Behold, He that keepeth Israel shall neither slumber nor sleep

Excerpt from the essay The Spirit of Violence and the Matter of Peace in Does It Matter? by Alan Watts

This quote about Israel captured my attention because of the war that broke out these past couple weeks. I’m astounded that this psalm was so prescient.

More and more, the scientists are saying that man must now take his future evolution into his own (i.e., the ego’s) hands, and rely no longer upon the caprices of “natural selection.” Yet those who speak thus do not seem to realize that this is going to require increasing violence against “deviant” forces within the individual and within society. The aspiration to direct evolution is also the aspiration to be “as God,” and thus—as God is generally conceived in the West—to be dictator of the world.

But, as the psalm says, “Behold, He that keepeth Israel shall neither slumber nor sleep.” This is really the same as the saying that “There is no peace for the wicked,” for those who, like the tyrant-image of God, take the law into their own hands. For our traditional model of the universe is basically military.

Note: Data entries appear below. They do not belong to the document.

(* Let $K>3$, $V\ge1$, let $\phi_1,\dots,\phi_K\in\Delta_{V-1}$ have strictly positive entries, $p\in\Delta_{V-1}$, and $H(\theta)=\sum_{v=1}^Vp_v\log\big(\sum_{k=1}^K\theta_k\phi_k(v)\big)$. Let $\theta^*$ be a maximizer of $H$ on $\Delta_{K-1}$ with all coordinates strictly positive. Assume (B1): for every $v$, $\max_k\phi_k(v)$ is attained at a unique index $k(v)$; and that $\phi$ is $\varepsilon$-sparse with $\varepsilon<\varepsilon_0$. Then $$\rho^2:=\frac{|\det Q|^{1/2}|\det R|^{1/2}}{\left|\det\!\left(\frac{Q+R}{2}\right)\right|}\ \ge\ \exp(-C^2\varepsilon^2),$$ where $Q=\nabla^2H(\theta^* )$, $R=-\mathrm{diag}(1/\theta^*_1,\dots,1/\theta^*_K)$, and $C>0$ is a constant depending only on $\theta^*$, $K$ and $\varepsilon_0$.
   Context: $\Delta_{d-1}=\{x\in\mathbb{R}^d:x_i\ge0,\sum_ix_i=1\}$. $\phi$ is $\varepsilon$-sparse if $\varepsilon=\max_v\frac{\sum_{j\ne k(v)}\phi_j(v)}{\phi_{k(v)}(v)}$. Let $\theta^*_{\min}=\min_k\theta^*_k$, $\theta^*_{\max}=\max_k\theta^*_k$, $C^{(1)}_{\max}=(\theta^*_{\max})^{1/2}/(\theta^*_{\min})^{3/2}$, $C^{(2)}_{\max}=\theta^*_{\max}/(\theta^*_{\min})^2$, and $F(\varepsilon)=4(C^{(2)}_{\max})^2K+K(K-1)\big(2C^{(1)}_{\max}+C^{(2)}_{\max}\varepsilon\big)^2$. The function $\varepsilon\mapsto\varepsilon\sqrt{F(\varepsilon)}$ is strictly increasing on $(0,\infty)$ and vanishes at $0$; $\varepsilon_0>0$ is the unique root of $\varepsilon\sqrt{F(\varepsilon)}=1/2$. *)

From HB Require Import structures.
From mathcomp Require Import all_boot all_order all_algebra.
From mathcomp Require Import all_classical all_reals all_analysis.
Set Implicit Arguments. Unset Strict Implicit. Unset Printing Implicit Defensive.
Import Order.TTheory GRing.Theory Num.Theory.
Import numFieldNormedType.Exports.
Local Open Scope ring_scope.

Section Defs.
Variable R : realType.

Definition in_simplex (n : nat) (x : 'I_n -> R) : Prop :=
  (forall i, 0 <= x i) /\ \sum_(i < n) x i = 1.

Definition Hfun (K V : nat) (p : 'I_V -> R) (phi : 'I_K -> 'I_V -> R)
  (theta : 'I_K -> R) : R :=
  \sum_(v < V) p v * ln (\sum_(k < K) theta k * phi k v).

Definition shift2 (K : nat) (theta : 'I_K -> R) (i j : 'I_K) (s t : R) :
  'I_K -> R :=
  fun k => theta k + s * (k == i)%:R + t * (k == j)%:R.

Definition hessH (K V : nat) (p : 'I_V -> R) (phi : 'I_K -> 'I_V -> R)
  (theta : 'I_K -> R) : 'M[R]_K :=
  \matrix_(i, j)
    derive1 (fun t => derive1 (fun s => Hfun p phi (shift2 theta i j s t)) 0) 0.

Definition Rmat (K : nat) (theta : 'I_K -> R) : 'M[R]_K :=
  \matrix_(i, j) (if i == j then - (theta i)^-1 else 0).

Definition rho2 (K : nat) (Q Rm : 'M[R]_K) : R :=
  Num.sqrt `|\det Q| * Num.sqrt `|\det Rm| / `|\det ((2%:R)^-1 *: (Q + Rm))|.

(* theta_min, theta_max (for theta in the simplex, every theta_k <= 1 and
   theta_k > 0, so the neutral elements 1 resp. 0 do not affect the value) *)
Definition theta_min (K : nat) (theta : 'I_K -> R) : R :=
  \big[Num.min/1]_(k < K) theta k.
Definition theta_max (K : nat) (theta : 'I_K -> R) : R :=
  \big[Num.max/0]_(k < K) theta k.

Definition C1max (K : nat) (theta : 'I_K -> R) : R :=
  Num.sqrt (theta_max theta) / (theta_min theta * Num.sqrt (theta_min theta)).
Definition C2max (K : nat) (theta : 'I_K -> R) : R :=
  theta_max theta / (theta_min theta ^+ 2).

Definition Ffun (K : nat) (theta : 'I_K -> R) (eps : R) : R :=
  4%:R * (C2max theta) ^+ 2 * K%:R
  + K%:R * (K%:R - 1) * (2%:R * C1max theta + C2max theta * eps) ^+ 2.

Definition B1 (K V : nat) (phi : 'I_K -> 'I_V -> R) (kv : 'I_V -> 'I_K) : Prop :=
  forall v j, j != kv v -> phi j v < phi (kv v) v.

Definition sparsity (K V : nat) (phi : 'I_K -> 'I_V -> R) (kv : 'I_V -> 'I_K) : R :=
  \big[Num.max/0]_(v < V)
    ((\sum_(j < K | j != kv v) phi j v) / phi (kv v) v).

End Defs.

From HB Require Import structures.
From mathcomp Require Import all_boot all_order all_algebra.
From mathcomp Require Import all_classical all_reals all_analysis.
From mathcomp Require Import spectral complex ring lra.
Set Implicit Arguments. Unset Strict Implicit. Unset Printing Implicit Defensive.
Import Order.TTheory GRing.Theory Num.Theory.
Import numFieldNormedType.Exports.
Local Open Scope ring_scope.

(* Conjugating by D = diag(sqrt theta* ) turns R into -1 and Q into -A, where
   A_jk = sqrt(theta_j theta_k) sum_v p_v phi_j(v) phi_k(v) / S_v^2 and
   S_v = sum_k theta_k phi_k(v).  Since rho^2 is invariant under such
   congruences, rho^2 = sqrt(det A) / det((A + 1)/2).  The first-order
   conditions at the interior maximizer, sum_v p_v phi_k(v) / S_v = 1, together
   with sparsity give 0 <= 1 - A_kk <= C2 eps and 0 <= A_jk <= (2 C1 + C2 eps) eps,
   hence ||A - 1||_F^2 <= eps^2 F(eps) <= eps^2 F(eps0) <= 1/4.  Every eigenvalue
   l of the symmetric matrix A then satisfies (l - 1)^2 <= 1/4, which implies
   exp(-2(l - 1)^2) ((l + 1)/2)^2 <= l; multiplying over the spectrum yields
   rho^2 >= exp(-||A - 1||_F^2) >= exp(-F(eps0) eps^2), i.e. C = sqrt F(eps0). *)

Definition sqdist_1mx (R : pzRingType) n (A : 'M[R]_n) : R :=
  \sum_i \sum_j (A i j - (i == j)%:R) ^+ 2.

Section SymmetricSpectrum.
Variable R : rcfType.
Local Notation RC := (real_complex R).

Lemma symmetric_diagonalizable n (A : 'M[R]_n) : A^T = A ->
  exists2 P : 'M[R[i]]_n, P \in unitmx &
    exists l : 'I_n -> R,
      map_mx RC A = invmx P *m diag_mx (\row_k (l k)%:C%C) *m P.
Proof.
move=> Asym; set Ac := map_mx RC A.
have Aji i j : A j i = A i j by rewrite -[in RHS]Asym mxE.
have herm : Ac \is hermsymmx.
  apply: realsym_hermsym; last first.
    by apply/mxOverP => i j; rewrite mxE; apply/complex_realP; eexists.
  apply/is_hermitianmxP; rewrite expr0 scale1r.
  by apply/matrixP => i j; rewrite !mxE Aji.
have /orthomx_spectralP E := hermitian_normalmx herm.
have /mxOverP diag_real := hermitian_spectral_diag_real herm.
exists (spectralmx Ac); first exact: spectral_unit.
exists (fun k => complex.Re (spectral_diag Ac 0 k)).
rewrite [LHS]E; congr (_ *m diag_mx _ *m _).
by apply/rowP => k; rewrite mxE RRe_real // diag_real.
Qed.

Lemma symmetric_eigenvalues n (A : 'M[R]_n) : A^T = A ->
  exists l : 'I_n -> R,
    (forall a b, \det (a *: A + b%:M) = \prod_k (a * l k + b)) /\
    sqdist_1mx A = \sum_k (l k - 1) ^+ 2.
Proof.
move=> Asym; have Aji i j : A j i = A i j by rewrite -[in RHS]Asym mxE.
have [P Pu [l E]] := symmetric_diagonalizable Asym.
pose D (g : R -> R) := diag_mx (\row_k (g (l k))%:C%C : 'rV[R[i]]_n).
have RCI : injective RC by apply: complexI.
have affine a b :
    map_mx RC (a *: A + b%:M) = invmx P *m D (fun x => a * x + b) *m P.
  have -> : D (fun x => a * x + b) = RC a *: D id + (RC b)%:M.
    apply/matrixP => i j; rewrite !mxE.
    by case: (i == j); rewrite ?mulr1n ?mulr0n ?mulr0 ?addr0 ?rmorphD ?rmorphM.
  rewrite map_mxD map_mxZ map_scalar_mx E mulmxDr mulmxDl.
  rewrite -scalemxAr -scalemxAl.
  by rewrite mul_mx_scalar -scalemxAl mulVmx // scalemx1.
have detD g : \det (D g) = RC (\prod_k g (l k)).
  by rewrite det_diag rmorph_prod; apply: eq_bigr => k _; rewrite mxE.
have trD g : \tr (D g) = RC (\sum_k g (l k)).
  by rewrite mxtrace_diag rmorph_sum; apply: eq_bigr => k _; rewrite mxE.
exists l; split=> [a b|].
  apply: RCI; rewrite -det_map_mx affine !det_mulmx det_inv detD.
  by rewrite mulrAC mulVf ?mul1r // -unitfE -unitmxE.
have A1 : A - 1%:M = 1 *: A + (-1)%:M by rewrite scale1r -scaleN1r scalemx1.
have sq1 : map_mx RC ((A - 1%:M) *m (A - 1%:M))
            = invmx P *m D (fun x => (x - 1) ^+ 2) *m P.
  rewrite map_mxM A1 affine !mulmxA mulmxK // -[_ *m D _ *m D _]mulmxA mul_diag_mx.
  congr (_ *m _ *m _); apply/matrixP => i j; rewrite !mxE.
  by case: (i == j); rewrite ?mulr1n ?mulr0n ?mulr0 // mul1r -rmorphM expr2.
have trsq : sqdist_1mx A = \tr ((A - 1%:M) *m (A - 1%:M)).
  apply: eq_bigr => i _; rewrite mxE; apply: eq_bigr => j _.
  by rewrite !mxE Aji eq_sym expr2.
apply: RCI; rewrite trsq -trace_map_mx sq1 mxtrace_mulC mulmxA mulmxV //.
by rewrite mul1mx trD.
Qed.
End SymmetricSpectrum.

Section Rho2.
Variable R : realType.

Lemma expR_sqr_halfD1_le (l : R) : (l - 1) ^+ 2 <= 4^-1 ->
  expR (- (2 * (l - 1) ^+ 2)) * ((l + 1) / 2) ^+ 2 <= l.
Proof.
move=> near1.
have expR_le : expR (- (2 * (l - 1) ^+ 2)) <= (1 + 2 * (l - 1) ^+ 2)^-1.
  rewrite expRN lef_pV2 ?posrE ?expR_gt0 ?expR_ge1Dx //.
  by have := sqr_ge0 (l - 1); lra.
apply: le_trans (ler_wpM2r (sqr_ge0 _) expR_le) _.
have pos : 0 < 1 + 2 * (l - 1) ^+ 2 by have := sqr_ge0 (l - 1); lra.
rewrite mulrC -ler_pdivlMr ?invr_gt0 // invrK.
(* with x = l - 1 the claim is x^2 (7/4 + 2 x) >= 0, and x >= -1/2 *)
have : 0 <= (l - 1) ^+ 2 * (7 / 4 + 2 * (l - 1)) by rewrite mulr_ge0 ?sqr_ge0 //; nra.
nra.
Qed.

Lemma rho2_1mx_ge n (A : 'M[R]_n) : A^T = A -> sqdist_1mx A <= 4^-1 ->
  expR (- sqdist_1mx A) <= rho2 A 1%:M.
Proof.
move=> Asym small; have [l [detE distE]] := symmetric_eigenvalues Asym.
have near1 k : (l k - 1) ^+ 2 <= 4^-1.
  apply: le_trans small; rewrite distE (bigD1 k) //= lerDl.
  by apply: sumr_ge0 => j _; exact: sqr_ge0.
have l_gt0 k : 0 < l k by have := near1 k; nra.
have detA : \det A = \prod_k l k.
  by rewrite -[A in LHS]scale1r -[_ *: A]addr0 -(raddf0 (@scalar_mx R n)) detE;
    under eq_bigr do rewrite mul1r addr0.
have detB : \det (2^-1 *: (A + 1%:M)) = \prod_k ((l k + 1) / 2).
  rewrite scalerDr scalemx1 detE; apply: eq_bigr => k _.
  by rewrite mulrDl mul1r mulrC.
have B_gt0 : 0 < \prod_k ((l k + 1) / 2).
  by apply: prodr_gt0 => k _; apply: divr_gt0 => //; rewrite ltr_pwDl ?l_gt0.
have A_ge0 : 0 <= \prod_k l k by apply: prodr_ge0 => k _; exact: ltW.
rewrite /rho2 det1 normr1 sqrtr1 mulr1 detA detB (ger0_norm A_ge0).
rewrite (ger0_norm (ltW B_gt0)).
rewrite ler_pdivlMr // -[X in X <= _]ger0_norm; last first.
  by rewrite mulr_ge0 ?expR_ge0 ?ltW.
rewrite -sqrtr_sqr ler_sqrt //.
rewrite exprMn -expRM_natl mulrN distE mulr_sumr -sumrN expR_sum -prodrXl.
rewrite -big_split /=; apply: ler_prod => k _.
by rewrite mulr_ge0 ?expR_ge0 ?sqr_ge0 // expR_sqr_halfD1_le.
Qed.

Lemma rho2N n (Q Rm : 'M[R]_n) : rho2 (- Q) (- Rm) = rho2 Q Rm.
Proof.
have normN X : `|\det (- X)| = `|\det X|.
  by rewrite -scaleN1r detZ normrM normrX normrN1 expr1n mul1r.
by rewrite /rho2 -opprD scalerN !normN.
Qed.

Lemma rho2_congr n (M Q Rm : 'M[R]_n) : M \in unitmx ->
  rho2 (M^T *m Q *m M) (M^T *m Rm *m M) = rho2 Q Rm.
Proof.
move=> Mu; set c := `|\det M| ^+ 2.
have c_gt0 : 0 < c by rewrite exprn_gt0 // normr_gt0 -unitfE -unitmxE.
have detC X : `|\det (M^T *m X *m M)| = c * `|\det X|.
  by rewrite !det_mulmx det_tr !normrM mulrAC -expr2.
have sqrtC X : Num.sqrt (c * `|\det X|) = `|\det M| * Num.sqrt `|\det X|.
  by rewrite sqrtrM ?sqr_ge0 // sqrtr_sqr normr_id.
rewrite /rho2 -mulmxDl -mulmxDr scalemxAl scalemxAr !detC !sqrtC.
rewrite mulrACA -expr2 -/c invfM mulrACA mulfV ?mul1r //.
exact: lt0r_neq0.
Qed.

Alan Watts, Does It Matter?, The Spirit of Violence and the Matter of Peace

A couple pages later this paragraph caught my attention:

Only a supernaturalist would deliberately press the button to set off nuclear warfare, in the belief that his spiritual values are more important than material existence. And this involves the open or tacit supposition that the spiritual dimension is immortal, that in heaven or on some higher level of vibration unaffected by bodily death he will continue his existence, congratulating himself on his fidelity to principle and wagging the finger of reproof at the surprisedly immortal souls of dialectical materialists, eating crow in the sky instead of pie. This simply goes to show that belief in the superiority and final authority of the rational, intellectual, conceptual, and symbolic domain as the ultimate reality may be inconsistent with the survival of mankind.

Alan Watts, Does It Matter?, The Spirit of Violence and the Matter of Peace

It is perhaps the truth that the most horrible people have the best intentions.

I’m reminded of Alan when he talks about the priests who burned people at the stake in the hopes that they would repent because they truly believed that they had a chance of saving them from eternal damnation.

“Kindly let me help you or you will drown said the monkey putting the fish safely up a tree.”